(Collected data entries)
Definition commutator_subgroupoid (G M : Type) (s t : G -> M) (u : M -> G)
  (i : G -> G) (m : G -> G -> G) : set G :=
  fun c => exists x, comm_sub s t u i m x c.

(* The equivalence relation whose classes are the elements of G/(G,G):
   g ~ h iff g = c h for some c in (G,G) (i.e. s g = s h and g h^-1 in (G,G)). *)
Definition ab_rel (G M : Type) (s t : G -> M) (u : M -> G) (i : G -> G)
  (m : G -> G -> G) (g h : G) : Prop :=
  s g = s h /\ commutator_subgroupoid s t u i m (m g (i h)).

Definition quotient_plot (G : diffeological_space) (Q : Type) (q : G -> Q)
  : plot_family Q :=
  fun n U P => open U /\
    forall r : Dom U, exists V (HVU : V `<=` U),
      [/\ open V, V (sval r) &
          (exists c : Q, forall y, P (incl HVU y) = c) \/
          (exists PG : Dom V -> G, dplot PG /\ forall y, P (incl HVU y) = q (PG y))].

From Pilot Require Import Defs.
From HB Require Import structures.
From mathcomp Require Import all_boot all_order all_algebra.
From mathcomp Require Import all_classical all_reals all_analysis.
From mathcomp Require Import Rstruct Rstruct_topology.

(* The commutator subgroupoid is normal: conjugating by an arrow [a] maps the
   commutators of the isotropy group at [t a] to commutators of the isotropy
   group at [s a].  Hence [ab_rel] is a congruence for source, target,
   inversion and composition, and the structure maps descend to the quotient.
   Since the quotient map is surjective, every plot of the quotient diffeology
   lifts locally to a plot of [G]; smoothness of the induced structure maps and
   local subductivity of the induced source and target are then inherited from
   [G], lifts into the quotient being obtained by composing with the quotient
   map. *)

Set Implicit Arguments.
Unset Strict Implicit.

Import numFieldNormedType.Exports.
Local Open Scope classical_set_scope.

Lemma Ck_cst n m (U : set (Rn n)) k (c : Rn m) : Ck U k (fun _ => c).
Proof.
elim: k c => [|k IH] c /=; first by move=> x _; apply: cst_continuous.
split => [x _|v]; first exact: differentiable_cst.
have -> : 'D_v (fun _ : Rn n => c) = fun _ => 0%R by apply: funext => x; rewrite derive_cst.
exact: IH.
Qed.

Lemma Ck_id n (U : set (Rn n)) k : Ck U k id.
Proof.
case: k => [|k] /=; first by move=> x _.
split => [x _|v]; first exact: ex_diff.
have -> : 'D_v (@id (Rn n)) = fun _ => v by apply: funext => x; rewrite derive_id.
exact: Ck_cst.
Qed.

Lemma Ck_subset n m (U V : set (Rn n)) k (f : Rn n -> Rn m) :
  V `<=` U -> Ck U k f -> Ck V k f.
Proof.
move=> VU; elim: k f => [|k IH] f /=; first by move=> Hf x /VU; apply: Hf.
by case=> Hd HD; split => [x /VU|v]; [apply: Hd | apply: IH].
Qed.

Lemma open_setI_preimage n m (V : set (Rn n)) (W : set (Rn m)) (f : Rn n -> Rn m) :
  open V -> open W -> (forall x, V x -> {for x, continuous f}) ->
  open (V `&` f @^-1` W).
Proof.
move=> oV oW cf; rewrite openE => y [Vy Wy]; apply: filterI.
  exact: open_nbhs_nbhs.
by apply: (cf y Vy); apply: open_nbhs_nbhs.
Qed.

Lemma Dom_val_inj n (U : set (Rn n)) (a b : Dom U) : sval a = sval b -> a = b.
Proof. by case: a b => a Ha [b Hb] /= E; subst b; congr exist; exact: Prop_irrelevance. Qed.

Lemma plot_restrict (X : diffeological_space) n (U V : set (Rn n)) (VU : V `<=` U)
  (P : Dom U -> X) : open V -> dplot P -> dplot (P \o Defs.incl VU).
Proof.
case: (dplotP X) => _ _ _ Hsmooth oV; apply: Hsmooth => //.
by exists id; split => // k; apply: Ck_id.
Qed.

Section QuotientDiffeology.
Variables (G : diffeological_space) (Q : Type) (q : G -> Q).

Lemma quotient_plot_comp n (U : set (Rn n)) (P : Dom U -> G) :
  dplot P -> quotient_plot q (q \o P).
Proof.
case: (dplotP G) => Hopen _ _ _ HP; split => [|r]; first exact: Hopen HP.
exists U, (fun x (h : U x) => h); split; [exact: Hopen HP | exact: svalP |].
by right; exists P; split => // y; congr (q (P _)); apply: Dom_val_inj.
Qed.

Lemma quotient_diffeology : is_diffeology (quotient_plot q).
Proof.
case: (dplotP G) => _ _ _ Hsmooth; split.
- by move=> n U P [].
- move=> n U x oU; split => // r; exists U, (fun x (h : U x) => h).
  by split => //; [exact: svalP | left; exists x].
- move=> n U P oU HP; split => // r.
  have [V [VU [oV Vr [_ HPV]]]] := HP r.
  have [W [WV [oW Wr HPW]]] := HPV (exist _ (sval r) Vr).
  exists W, (fun x h => VU x (WV x h)); split => //.
  have Eincl y : Defs.incl (fun x h => VU x (WV x h)) y = Defs.incl VU (Defs.incl WV y).
    exact: Dom_val_inj.
  case: HPW => [[c Hc]|[PG [HPG E]]].
    by left; exists c => y; rewrite Eincl; apply: Hc.
  by right; exists PG; split => // y; rewrite Eincl; apply: E.
- move=> n k U V P F oV [f [Hf Ckf]] [oU HP]; split => // r.
  have [W [WU [oW Wr HPW]]] := HP (F r).
  pose V' := V `&` f @^-1` W.
  have oV' : open V' by apply: open_setI_preimage => //; apply: (Ckf 0%N).
  have V'V : V' `<=` V by move=> x [].
  have V'W (y : Dom V') : W (sval (F (Defs.incl V'V y))).
    by rewrite -Hf; exact: (proj2 (svalP y)).
  pose F' y := exist W _ (V'W y).
  have EF y : F (Defs.incl V'V y) = Defs.incl WU (F' y) by apply: Dom_val_inj.
  exists V', V'V; split => //; first by split; [exact: svalP | rewrite /preimage /= Hf].
  case: HPW => [[c Hc]|[PG [HPG E]]].
    by left; exists c => y /=; rewrite EF Hc.
  right; exists (PG \o F'); split; last by move=> y /=; rewrite EF E.
  apply: Hsmooth HPG => //; exists f; split => [y|k']; first by rewrite /= -Hf.
  by apply: Ck_subset (Ckf k') => x [].
Qed.

Hypothesis q_surj : forall y : Q, exists g, q g = y.

Lemma quotient_plot_lift n (U : set (Rn n)) (P : Dom U -> Q) :
  quotient_plot q P -> forall r : Dom U, exists V (VU : V `<=` U),
  [/\ open V, V (sval r) &
      exists PG : Dom V -> G, dplot PG /\ forall y, P (Defs.incl VU y) = q (PG y)].
Proof.
case: (dplotP G) => _ Hcst _ _ [oU HP] r.
have [V [VU [oV Vr [[c Hc]|HPG]]]] := HP r; exists V, VU; split => //.
have [g Hg] := q_surj c; exists (fun _ => g); split; first exact: Hcst.
by move=> y; rewrite Hc.
Qed.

## Your assignment
Please go through each line of the data and count those that contain the string "target"; give that number alone.

## Answer to this exercise
2